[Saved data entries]
=======

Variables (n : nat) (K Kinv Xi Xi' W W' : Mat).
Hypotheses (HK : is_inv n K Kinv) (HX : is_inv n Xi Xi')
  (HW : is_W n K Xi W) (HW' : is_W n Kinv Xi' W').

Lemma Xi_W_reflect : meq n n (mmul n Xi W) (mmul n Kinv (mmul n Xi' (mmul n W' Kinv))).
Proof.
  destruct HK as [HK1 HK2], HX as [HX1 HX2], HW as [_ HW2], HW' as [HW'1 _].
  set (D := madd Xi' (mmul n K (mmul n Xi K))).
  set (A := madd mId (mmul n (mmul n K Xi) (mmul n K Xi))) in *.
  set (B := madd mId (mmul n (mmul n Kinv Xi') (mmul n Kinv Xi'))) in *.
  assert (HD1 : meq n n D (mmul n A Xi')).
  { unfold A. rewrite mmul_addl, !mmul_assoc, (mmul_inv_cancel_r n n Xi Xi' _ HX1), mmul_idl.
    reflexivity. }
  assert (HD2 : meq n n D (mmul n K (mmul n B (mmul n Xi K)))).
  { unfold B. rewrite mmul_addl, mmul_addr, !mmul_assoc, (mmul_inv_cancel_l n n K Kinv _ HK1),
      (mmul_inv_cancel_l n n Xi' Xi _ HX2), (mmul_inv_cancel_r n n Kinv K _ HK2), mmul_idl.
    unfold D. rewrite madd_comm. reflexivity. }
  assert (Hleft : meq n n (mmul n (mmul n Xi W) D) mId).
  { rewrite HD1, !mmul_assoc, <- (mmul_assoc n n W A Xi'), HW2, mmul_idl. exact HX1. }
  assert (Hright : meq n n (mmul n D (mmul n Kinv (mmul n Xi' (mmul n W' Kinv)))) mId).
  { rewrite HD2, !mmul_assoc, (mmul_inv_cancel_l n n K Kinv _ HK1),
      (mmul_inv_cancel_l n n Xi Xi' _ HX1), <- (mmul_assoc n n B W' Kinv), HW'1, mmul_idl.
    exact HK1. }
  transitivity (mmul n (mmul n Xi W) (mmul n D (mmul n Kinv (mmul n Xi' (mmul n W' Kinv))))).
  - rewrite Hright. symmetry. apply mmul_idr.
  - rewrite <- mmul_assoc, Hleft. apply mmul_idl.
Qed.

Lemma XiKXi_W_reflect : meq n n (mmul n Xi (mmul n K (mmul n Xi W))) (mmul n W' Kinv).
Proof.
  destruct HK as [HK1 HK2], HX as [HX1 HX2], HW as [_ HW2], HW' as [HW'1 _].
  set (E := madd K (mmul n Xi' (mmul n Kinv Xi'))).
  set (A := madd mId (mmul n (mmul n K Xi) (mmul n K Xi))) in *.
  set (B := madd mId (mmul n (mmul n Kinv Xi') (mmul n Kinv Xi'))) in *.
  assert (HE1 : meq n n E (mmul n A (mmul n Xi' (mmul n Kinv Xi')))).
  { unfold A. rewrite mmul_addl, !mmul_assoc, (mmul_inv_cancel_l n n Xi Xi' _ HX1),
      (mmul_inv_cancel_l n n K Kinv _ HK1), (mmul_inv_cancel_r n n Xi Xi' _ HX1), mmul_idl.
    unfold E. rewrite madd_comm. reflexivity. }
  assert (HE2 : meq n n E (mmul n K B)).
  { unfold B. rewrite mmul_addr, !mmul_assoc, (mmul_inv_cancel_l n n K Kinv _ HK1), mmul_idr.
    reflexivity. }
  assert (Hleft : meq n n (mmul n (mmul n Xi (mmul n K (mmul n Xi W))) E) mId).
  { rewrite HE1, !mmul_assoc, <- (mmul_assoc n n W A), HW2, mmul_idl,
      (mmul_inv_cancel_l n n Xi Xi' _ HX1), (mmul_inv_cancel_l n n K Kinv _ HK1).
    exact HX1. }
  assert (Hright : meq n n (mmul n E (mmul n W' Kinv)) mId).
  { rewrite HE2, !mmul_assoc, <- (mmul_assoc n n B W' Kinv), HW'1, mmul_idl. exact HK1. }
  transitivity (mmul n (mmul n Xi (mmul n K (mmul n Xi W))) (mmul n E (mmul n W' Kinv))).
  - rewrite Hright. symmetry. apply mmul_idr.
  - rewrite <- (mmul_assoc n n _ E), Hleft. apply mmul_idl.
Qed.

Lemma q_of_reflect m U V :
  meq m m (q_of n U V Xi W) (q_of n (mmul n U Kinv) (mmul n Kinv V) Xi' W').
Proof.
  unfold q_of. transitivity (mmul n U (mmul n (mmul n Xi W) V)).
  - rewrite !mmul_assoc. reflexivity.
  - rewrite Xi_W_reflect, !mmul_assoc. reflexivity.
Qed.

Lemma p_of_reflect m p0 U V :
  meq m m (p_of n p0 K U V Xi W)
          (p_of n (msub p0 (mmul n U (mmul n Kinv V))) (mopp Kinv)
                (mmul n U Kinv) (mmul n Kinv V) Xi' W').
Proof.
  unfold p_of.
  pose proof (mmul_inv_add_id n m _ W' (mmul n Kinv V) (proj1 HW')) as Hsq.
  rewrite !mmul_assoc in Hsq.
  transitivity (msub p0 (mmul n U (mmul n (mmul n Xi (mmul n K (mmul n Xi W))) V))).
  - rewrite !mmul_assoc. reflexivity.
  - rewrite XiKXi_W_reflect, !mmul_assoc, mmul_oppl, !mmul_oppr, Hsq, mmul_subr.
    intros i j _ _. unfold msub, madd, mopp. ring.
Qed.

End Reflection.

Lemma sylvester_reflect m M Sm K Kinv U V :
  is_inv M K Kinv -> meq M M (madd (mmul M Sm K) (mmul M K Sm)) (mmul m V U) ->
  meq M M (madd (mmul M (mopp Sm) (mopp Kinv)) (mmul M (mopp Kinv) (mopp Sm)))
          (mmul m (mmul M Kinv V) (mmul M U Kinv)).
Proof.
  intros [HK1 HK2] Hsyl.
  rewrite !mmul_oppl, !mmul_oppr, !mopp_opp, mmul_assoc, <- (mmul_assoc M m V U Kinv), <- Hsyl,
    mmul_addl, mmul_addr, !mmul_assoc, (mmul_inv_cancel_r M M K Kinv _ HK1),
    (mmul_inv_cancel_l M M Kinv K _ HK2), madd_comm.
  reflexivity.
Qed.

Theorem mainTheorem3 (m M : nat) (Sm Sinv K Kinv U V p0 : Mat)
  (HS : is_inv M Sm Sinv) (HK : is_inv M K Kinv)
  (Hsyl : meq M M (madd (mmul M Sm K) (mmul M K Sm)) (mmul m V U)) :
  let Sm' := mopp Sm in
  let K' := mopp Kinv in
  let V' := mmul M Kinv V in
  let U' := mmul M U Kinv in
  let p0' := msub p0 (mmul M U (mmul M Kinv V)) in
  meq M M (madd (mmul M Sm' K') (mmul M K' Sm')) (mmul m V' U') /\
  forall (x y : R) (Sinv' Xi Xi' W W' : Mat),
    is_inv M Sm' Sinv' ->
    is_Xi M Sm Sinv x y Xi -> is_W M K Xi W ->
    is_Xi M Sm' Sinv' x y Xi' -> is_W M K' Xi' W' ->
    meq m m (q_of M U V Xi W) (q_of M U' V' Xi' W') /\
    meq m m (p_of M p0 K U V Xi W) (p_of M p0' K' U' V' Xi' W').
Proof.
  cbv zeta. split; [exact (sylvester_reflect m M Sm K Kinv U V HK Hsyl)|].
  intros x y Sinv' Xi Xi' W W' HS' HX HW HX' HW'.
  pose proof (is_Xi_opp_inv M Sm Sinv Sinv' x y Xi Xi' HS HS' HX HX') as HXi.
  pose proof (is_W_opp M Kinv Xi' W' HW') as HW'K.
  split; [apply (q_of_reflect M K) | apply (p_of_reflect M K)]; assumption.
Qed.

=======

**WHAT YOU NEED TO DO:**
Every line above with the string "Hleft" in it should be copied into the answer.

**PROBLEM SOLUTION:**
  assert (Hleft : meq n n (mmul n (mmul n Xi W) D) mId).
  - rewrite <- mmul_assoc, Hleft. apply mmul_idl.
  assert (Hleft : meq n n (mmul n (mmul n Xi (mmul n K (mmul n Xi W))) E) mId).
  - rewrite <- (mmul_assoc n n _ E), Hleft. apply mmul_idl.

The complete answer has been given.